In #14, we simplify both equations and find their slopes are 4/3 and -3/4 — negative reciprocals, hence perpendicular. In #15, the slopes 5 and -1/5 also show a perpendicular relationship. But in #16, after simplifying, we get slopes -5/3 and -3/5 — not reciprocals or equal, so the lines are neither.

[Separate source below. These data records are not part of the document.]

(* For every Hausdorff topological vector space $\mathcal X$ over $\mathbb K$, the exponential vector space $\mathcal C(\mathcal X)$ has a basis, i.e. $\mathcal C(\mathcal X)\smallsetminus[\mathcal C(\mathcal X)]_0$ has a basis.
   Context: $\mathbb K$ is $\mathbb R$ or $\mathbb C$. An exponential vector space (evs) over a field $K$ is a partially ordered set $(X,\leq)$ with a binary operation $+$ on $X$ and a map $K\times X\to X$, $(\alpha,x)\mapsto \alpha x$, such that: (A1) $(X,+)$ is a commutative semigroup with identity $\theta$; (A2) $x\leq y$ implies $x+z\leq y+z$ and $\alpha x\leq \alpha y$ for all $z\in X$, $\alpha\in K$; (A3) $\alpha(x+y)=\alpha x+\alpha y$, $\alpha(\beta x)=(\alpha\beta)x$, $(\alpha+\beta)x\leq \alpha x+\beta x$, $1x=x$; (A4) $\alpha x=\theta$ iff $\alpha=0$ or $x=\theta$; (A5) $x+(-1)x=\theta$ iff $x\in X_0$, where $X_0:=\{z\in X: y\not\leq z \text{ for all } y\in X\smallsetminus\{z\}\}$ (the set of minimal elements); (A6) for each $x\in X$ there is $p\in X_0$ with $p\leq x$. $\mathcal C(\mathcal X)$ is the set of nonempty compact subsets of $\mathcal X$ with $A+B:=\{a+b:a\in A,b\in B\}$, $\alpha A:=\{\alpha a:a\in A\}$, and order given by set inclusion; it is an evs over $\mathbb K$ whose primitive space consists of the singletons. For $x\in X\smallsetminus X_0$ let $L(x):=\{z\in X: z\geq \alpha x+p \text{ for some } \alpha\in K\smallsetminus\{0\},\ p\in X_0\}$. A subset $B\subseteq X\smallsetminus X_0$ generates $X\smallsetminus X_0$ if $X\smallsetminus X_0=\bigcup_{b\in B}L(b)$. Elements $x,y\in X\smallsetminus X_0$ are orderly dependent if $x\in L(y)$ or $y\in L(x)$, and orderly independent otherwise; $B$ is orderly independent if any two distinct members are orderly independent. A basis of $X\smallsetminus X_0$ is an orderly independent generating subset. *)

From HB Require Import structures.
From mathcomp Require Import all_boot all_order all_algebra.
From mathcomp Require Import all_classical all_reals all_analysis.
From mathcomp Require Import complex.
Set Implicit Arguments. Unset Strict Implicit. Unset Printing Implicit Defensive.
Import Order.TTheory GRing.Theory Num.Theory.
Local Open Scope classical_set_scope.
Local Open Scope ring_scope.

Section EvsNotions.
Variables (K : numFieldType) (T : Type) (X : set T) (le : T -> T -> Prop)
  (add : T -> T -> T) (smul : K -> T -> T).

Definition primitive : set T :=
  [set z | X z /\ forall y, X y -> y <> z -> ~ le y z].

Definition Lset (x : T) : set T :=
  [set z | X z /\ exists alpha : K, alpha != 0 /\
     exists p, primitive p /\ le (add (smul alpha x) p) z].

Definition generates (B : set T) : Prop :=
  B `<=` X `\` primitive /\
  X `\` primitive = \bigcup_(b in B) Lset b.

Definition orderly_dependent (x y : T) : Prop := Lset y x \/ Lset x y.

Definition orderly_independent_set (B : set T) : Prop :=
  forall x y, B x -> B y -> x <> y -> ~ orderly_dependent x y.

Definition is_basis (B : set T) : Prop :=
  orderly_independent_set B /\ generates B.

Definition has_basis : Prop := exists B : set T, is_basis B.
End EvsNotions.

Section CompactEvs.
Variables (K : numFieldType) (E : topologicalLmodType K).

Definition CX : set (set E) := [set A | A !=set0 /\ compact A].

Definition set_add (A B : set E) : set E :=
  [set z | exists a, A a /\ exists b, B b /\ z = a + b].

Definition set_scale (alpha : K) (A : set E) : set E :=
  [set z | exists a, A a /\ z = alpha *: a].

Definition CX_has_basis : Prop :=
  has_basis CX (fun A B : set E => A `<=` B) set_add set_scale.
End CompactEvs.

From HB Require Import structures.
From mathcomp Require Import all_boot all_order all_algebra.
From mathcomp Require Import all_classical all_reals all_analysis.
From mathcomp Require Import complex.
Set Implicit Arguments. Unset Strict Implicit. Unset Printing Implicit Defensive.
Import Order.TTheory GRing.Theory Num.Theory.
Local Open Scope classical_set_scope.
Local Open Scope ring_scope.

(* The primitive elements of C(X) are the singletons.  Choose one nonzero
   vector r on every line through the origin; the sets {0, r} form a basis.
   They generate: a non-singleton A contains u <> v, and if r spans v - u then
   A contains {u, v} = c {0, r} + {u} for a suitable c <> 0.  They are orderly
   independent: c {0, r} + {q} is a two-point set, and it can lie inside
   {0, r'} only if r' is a nonzero multiple of r, i.e. r' = r. *)

Section CompactSetsBasis.
Variables (K : numFieldType) (E : topologicalLmodType K).

Local Notation CX := (@CX K E).
Local Notation primitive := (primitive CX (fun A B : set E => A `<=` B)).
Local Notation Lset :=
  (Lset CX (fun A B : set E => A `<=` B) (@set_add K E) (@set_scale K E)).

Definition punctured_line (x : E) : set E :=
  [set y | y != 0 /\ exists c : K, y = c *: x].

Definition line_rep (x : E) : E := xget 0 (punctured_line x).

Definition origin_pair (r : E) : set E := [set 0] `|` [set r].

Definition line_basis : set (set E) :=
  [set origin_pair (line_rep x) | x in [set x : E | x != 0]].

Lemma line_repP x : x != 0 -> punctured_line x (line_rep x).
Proof. by move=> x0; apply: xgetPex; exists x; split => //; exists 1; rewrite scale1r. Qed.

Lemma punctured_lineZ c x : c != 0 -> punctured_line (c *: x) = punctured_line x.
Proof.
move=> c0; apply/seteqP; split=> y [y0 [k yk]]; split=> //; rewrite yk.
- by exists (k * c); rewrite scalerA.
- by exists (k / c); rewrite scalerA -mulrA mulVf ?mulr1.
Qed.

Lemma line_repZ c x : c != 0 -> line_rep (c *: x) = line_rep x.
Proof. by move=> c0; rewrite /line_rep punctured_lineZ. Qed.

Lemma line_rep_id x : x != 0 -> line_rep (line_rep x) = line_rep x.
Proof.
move=> x0; have [r0 [c rc]] := line_repP x0.
have c0 : c != 0 by apply: contraNneq r0 => c0; rewrite rc c0 scale0r.
by rewrite {1}rc line_repZ.
Qed.

Lemma line_rep_eqZ a b x y : a != 0 -> b != 0 -> x != 0 -> y != 0 ->
  a *: line_rep x = b *: line_rep y -> line_rep x = line_rep y.
Proof.
move=> a0 b0 x0 y0 eq_ab.
by rewrite -(line_rep_id x0) -(line_repZ _ a0) eq_ab line_repZ // line_rep_id.
Qed.

Lemma origin_pair_diff r q w : origin_pair r q -> origin_pair r w -> q != w ->
  exists2 k : K, k != 0 & w - q = k *: r.
Proof.
case=> /= -> [] /= ->; rewrite ?eqxx // => _.
- by exists 1; rewrite ?oner_eq0 // scale1r subr0.
- by exists (-1); rewrite ?oppr_eq0 ?oner_eq0 // scaleN1r sub0r.
Qed.

Lemma CX_set1 (a : E) : CX [set a].
Proof. by split; [exists a | exact: compact_set1]. Qed.

Lemma CX_origin_pair r : CX (origin_pair r).
Proof. by split; [exists 0; left | apply: compactU; exact: compact_set1]. Qed.

Lemma primitive_CXP A : primitive A <-> exists a, A = [set a].
Proof.
split.
- move=> [[[a Aa] _] minA]; exists a; apply: contrapT => neqA.
  by apply: (minA _ (CX_set1 a)) => [eqA|b ->]; [apply: neqA|].
- move=> [a ->]; split=> [|B [[b Bb] _] neqB subB]; first exact: CX_set1.
  apply: neqB; apply/seteqP; split=> // c ->.
  by rewrite -(subB _ Bb).
Qed.

Lemma two_points_not_primitive A u v : A u -> A v -> u != v -> ~ primitive A.
Proof.
move=> Au Av uv /primitive_CXP[a eqA]; rewrite eqA /= in Au Av.
by move: uv; rewrite Au Av eqxx.
Qed.

Lemma not_primitive_two_points A : CX A -> ~ primitive A ->
  exists u v, [/\ A u, A v & u != v].
Proof.
move=> [[u Au] cA] nprimA; apply: contrapT => nuv; apply: nprimA.
apply/primitive_CXP; exists u; apply/seteqP; split=> [v Av|v ->] //=.
by apply: contrapT => /eqP vu; apply: nuv; exists v, u.
Qed.

Lemma scale_origin_pair_add1 a r q :
  set_add (set_scale a (origin_pair r)) [set q] = [set q] `|` [set a *: r + q].
Proof.
apply/seteqP; split.
- move=> _ [_ [[s [[] /= -> ->]] [_ [/= -> ->]]]].
  + by left; rewrite scaler0 add0r.
  + by right.
- move=> z [] /= ->.
  + exists 0; split; last by exists q; rewrite add0r.
    by exists 0; split; [left | rewrite scaler0].
  + by exists (a *: r); split; [exists r; split => //; right | exists q].
Qed.

Lemma Lset_origin_pairP r A : Lset (origin_pair r) A <->
  CX A /\ exists2 a : K, a != 0 & exists q, A q /\ A (a *: r + q).
Proof.
split.
- move=> [cA [a [a0 [p [/primitive_CXP[q ->]]]]]].
  rewrite scale_origin_pair_add1 subUset !sub1set !inE => -[Aq Aw].
  by split=> //; exists a => //; exists q.
- move=> [cA [a a0 [q [Aq Aw]]]]; split=> //; exists a; split=> //.
  exists [set q]; split; first by apply/primitive_CXP; exists q.
  by rewrite scale_origin_pair_add1 subUset !sub1set !inE.
Qed.

Lemma shift_ne0 (a : K) (r q : E) : a != 0 -> r != 0 -> q != a *: r + q.
Proof. by move=> a0 r0; rewrite eq_sym -subr_eq0 addrK scaler_eq0 negb_or a0. Qed.

Lemma line_basis_independent :
  orderly_independent_set CX (fun A B : set E => A `<=` B) (@set_add K E)
    (@set_scale K E) line_basis.
Proof.
suff indep x y : x != 0 -> y != 0 -> Lset (origin_pair (line_rep x))
    (origin_pair (line_rep y)) -> line_rep x = line_rep y.
  move=> _ _ [x x0 <-] [y y0 <-] neq [/(indep _ _ y0 x0)|/(indep _ _ x0 y0)] eqr;
  by apply: neq; rewrite eqr.
move=> x0 y0 /Lset_origin_pairP[_ [a a0 [q [Pq Pw]]]].
have [rx0 _] := line_repP x0; have [ry0 _] := line_repP y0.
have [k k0] := origin_pair_diff Pq Pw (shift_ne0 q a0 rx0).
by rewrite addrK; apply: line_rep_eqZ.
Qed.

Lemma line_basis_generates :
  generates CX (fun A B : set E => A `<=` B) (@set_add K E) (@set_scale K E)
    line_basis.
Proof.
split.
  move=> _ [x x0 <-]; split; first exact: CX_origin_pair.
  have [r0 _] := line_repP x0.
  apply: (two_points_not_primitive (u := 0) (v := line_rep x)); first by left.
    by right.
  by rewrite eq_sym.
apply/seteqP; split.
- move=> A [cA /(not_primitive_two_points cA)[u [v [Au Av uv]]]].
  have vu0 : v - u != 0 by rewrite subr_eq0 eq_sym.
  have [r0 [c rc]] := line_repP vu0.
  have c0 : c != 0 by apply: contraNneq r0 => c0; rewrite rc c0 scale0r.
  exists (origin_pair (line_rep (v - u))); first by exists (v - u).
  apply/Lset_origin_pairP; split=> //; exists c^-1; first by rewrite invr_eq0.
  by exists u; rewrite rc scalerA mulVf // scale1r subrK.
- move=> A [_ [x x0 <-] /Lset_origin_pairP[cA [a a0 [q [Aq Aw]]]]].
  split=> //; have [r0 _] := line_repP x0.
  exact: (two_points_not_primitive Aq Aw (shift_ne0 q a0 r0)).
Qed.

Lemma CX_has_basis_lmod : CX_has_basis E.
Proof.
by exists line_basis; split; [exact: line_basis_independent | exact: line_basis_generates].
Qed.

End CompactSetsBasis.

Theorem mainTheorem11 (R : realType) :
  (forall E : topologicalLmodType R,
      hausdorff_space E -> CX_has_basis E) /\
  (forall E : topologicalLmodType R[i],
      hausdorff_space E -> CX_has_basis E).
Proof. by split=> E _; exact: CX_has_basis_lmod. Qed.
Lemma sum_cycles_on_exchange_le (R : numDomainType) v :
  (\sum_(c | is_cycle e D c && on_cyc c v) (c \in X)%:R <= (v \in W)%:R :> R)%R.
Proof.
have [cyc_in _] := exX.
have [/existsP[c0 /and3P[cyc0 on0 c0X]]|none] :=
  boolP [exists c, [&& is_cycle e D c, on_cyc c v & c \in X]].
  rewrite (cyc_in c0 c0X).2 // (bigD1 c0) ?cyc0 ?on0 //= c0X big1 ?addr0 //.
  move=> c /andP[/andP[_ onc] cc0]; case: (boolP (c \in X)) => // cX.
  by have := exX.2 c c0 cX c0X cc0 v; rewrite onc on0.
rewrite big1 ?ler0n // => c /andP[cyc onc]; case: (boolP (c \in X)) => // cX.
by case/existsP: none; exists c; rewrite cyc onc cX.
Qed.

Variables (n : nat) (org : T -> 'I_n) (U : {set T}).

Lemma util_exchange i : util org U i X = \sum_(c in X) gamma org U i c.
Proof.
rewrite /util /gamma card_set_nat; under [RHS]eq_bigr => c _ do rewrite card_set_nat.
rewrite exchange_big /=; apply: eq_bigr => v _; rewrite andbA.
under eq_bigr => c _ do rewrite andbA.
by case: ((v \in U) && (org v == i)); rewrite /= ?sum_on_cyc_exchange ?big1_eq.
Qed.

Lemma sum_gamma_exchange (R : pzSemiRingType) i :
  (\sum_(c | is_cycle e D c) (gamma org U i c)%:R * (c \in X)%:R =
   (util org U i X)%:R :> R)%R.
Proof.
rewrite util_exchange natr_sum big_mkcond [RHS]big_mkcond; apply: eq_bigr => c _ /=.
have [cX|cX] := boolP (c \in X); first by rewrite (exX.1 c cX).1 mulr1.
by rewrite mulr0; case: (is_cycle e D c).
Qed.

End Exchanges.

Lemma util_set0 (T : finType) n (org : T -> 'I_n) U i : util org U i set0 = 0.
Proof.
apply/eqP; rewrite cards_eq0; apply/eqP/setP => v; rewrite !inE.
have -> : covered set0 v = false by apply/exists_inP => -[c]; rewrite inE.
by rewrite !andbF.
Qed.

(** * Scarf's matrix of a partition exchange economy *)

Section Columns.
Variables (V : finType) (n : nat) (org : V -> 'I_n) (U : {set V}) (E : rel V) (D : nat).

Definition coalition_exchange (p : {set 'I_n} * {set cyc V}) :=
  (p.1 != set0) && `[< exchange E D [set v | org v \in p.1] p.2 >].

Local Notation column := {p | coalition_exchange p}.

Lemma column_exchange (j : column) :
  exchange E D [set v | org v \in (val j).1] (val j).2.
Proof. by case/andP: (valP j) => _ /asboolP. Qed.
(* Let $\mathcal J=\mathbb N\times(\mathbb N\cup\{\infty\})$ be Johnstone's dcpo, equipped with its Scott topology, and let $\mu$ be the map on the Scott-open subsets of $\mathcal J$ given by $\mu(U)=1$ if $U\neq\emptyset$ and $\mu(\emptyset)=0$. Then $\mu$ is a point-continuous valuation on $\mathcal J$ that is not a minimal valuation.
   Context: Johnstone's dcpo: $\mathcal J=\mathbb N\times(\mathbb N\cup\{\infty\})$ ($\infty$ is a new element above all natural numbers), ordered by $(a,b)\le(c,d)$ iff either ($a=c$ and $b\le d$) or ($d=\infty$ and $b\le c$). For a topological space $X$ with lattice of open sets $\mathcal O X$, a valuation is a map $\nu:\mathcal OX\to[0,\infty]$ with $\nu(\emptyset)=0$, monotone, and modular ($\nu(U)+\nu(V)=\nu(U\cup V)+\nu(U\cap V)$); it is continuous if it preserves suprema of directed families of open sets. Continuous valuations are ordered pointwise (stochastic order), forming a dcpo $\mathcal VX$ in which directed suprema are pointwise. $\delta_x$ is the Dirac valuation ($\delta_x(U)=1$ if $x\in U$, else $0$). A simple valuation is a finite sum $\sum_{i=1}^n r_i\delta_{x_i}$ with $r_i\in[0,\infty)$. The minimal valuations are the elements of the smallest subset of $\mathcal VX$ containing all simple valuations and closed under directed suprema in $\mathcal VX$. A valuation $\nu$ is point-continuous if for every open $U$ and every real $r$ with $0\le r<\nu(U)$ there is a finite subset $A\subseteq U$ such that $\nu(V)>r$ for every open $V\supseteq A$. *)

From Stdlib Require List.
From mathcomp Require Import all_boot all_order all_algebra.
From mathcomp Require Import all_classical all_reals ereal.
Set Implicit Arguments. Unset Strict Implicit. Unset Printing Implicit Defensive.
Import Order.TTheory GRing.Theory Num.Theory.
Local Open Scope classical_set_scope.
Local Open Scope ring_scope.

Definition directed_by {T : Type} (le : T -> T -> Prop) (D : set T) : Prop :=
  D !=set0 /\
  (forall x y, D x -> D y -> exists2 z, D z & le x z /\ le y z).

Definition is_lub {T : Type} (le : T -> T -> Prop) (D : set T) (s : T) : Prop :=
  (forall x, D x -> le x s) /\ (forall u, (forall x, D x -> le x u) -> le s u).

Definition scott_open {T : Type} (le : T -> T -> Prop) (U : set T) : Prop :=
  (forall x y, le x y -> U x -> U y) /\
  (forall D s, directed_by le D -> is_lub le D s -> U s -> D `&` U !=set0).

(* [None] plays the role of infinity. *)
Definition Jtype := (nat * option nat)%type.

Definition le_inf (b d : option nat) : Prop :=
  match d with
  | None => True
  | Some d' => match b with Some b' => (b' <= d')%N | None => False end
  end.

Definition Jle (p q : Jtype) : Prop :=
  (p.1 = q.1 /\ le_inf p.2 q.2) \/ (q.2 = None /\ le_inf p.2 (Some q.1)).

Definition Jopen : set Jtype -> Prop := scott_open Jle.

Section Valuations.
Context {X : Type} (isOpen : set X -> Prop) {R : realType}.
Local Open Scope ereal_scope.

Definition is_valuation (nu : set X -> \bar R) : Prop :=
  (forall U, isOpen U -> 0 <= nu U) /\
  nu set0 = 0 /\
  (forall U V, isOpen U -> isOpen V -> U `<=` V -> nu U <= nu V) /\
  (forall U V, isOpen U -> isOpen V ->
     nu U + nu V = nu (U `|` V) + nu (U `&` V)).

Definition directed_opens (D : set (set X)) : Prop :=
  (forall U, D U -> isOpen U) /\ directed_by (fun U V => U `<=` V) D.

Definition is_cont_valuation (nu : set X -> \bar R) : Prop :=
  is_valuation nu /\
  (forall D, directed_opens D ->
     nu (\bigcup_(U in D) U) = ereal_sup [set nu U | U in D]).

Definition val_le (nu1 nu2 : set X -> \bar R) : Prop :=
  forall U, isOpen U -> nu1 U <= nu2 U.

Definition dirac (x : X) : set X -> \bar R :=
  fun U => if `[< U x >] then 1 else 0.

Definition simple_of (s : seq (R * X)) : set X -> \bar R :=
  fun U => \sum_(p <- s) ((p.1)%:E * dirac p.2 U).

Definition is_simple_valuation (nu : set X -> \bar R) : Prop :=
  exists s : seq (R * X), (forall p, List.In p s -> (0 <= p.1)%R) /\
    (forall U, isOpen U -> nu U = simple_of s U).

In #17, both simplified equations have slope 1/3 → parallel. Finally, in #18, one slope is 1 and the other -1 — classic negative reciprocals — so perpendicular.
Understanding these relationships is crucial in geometry and algebra, especially when analyzing graphs, solving systems, or working in coordinate geometry.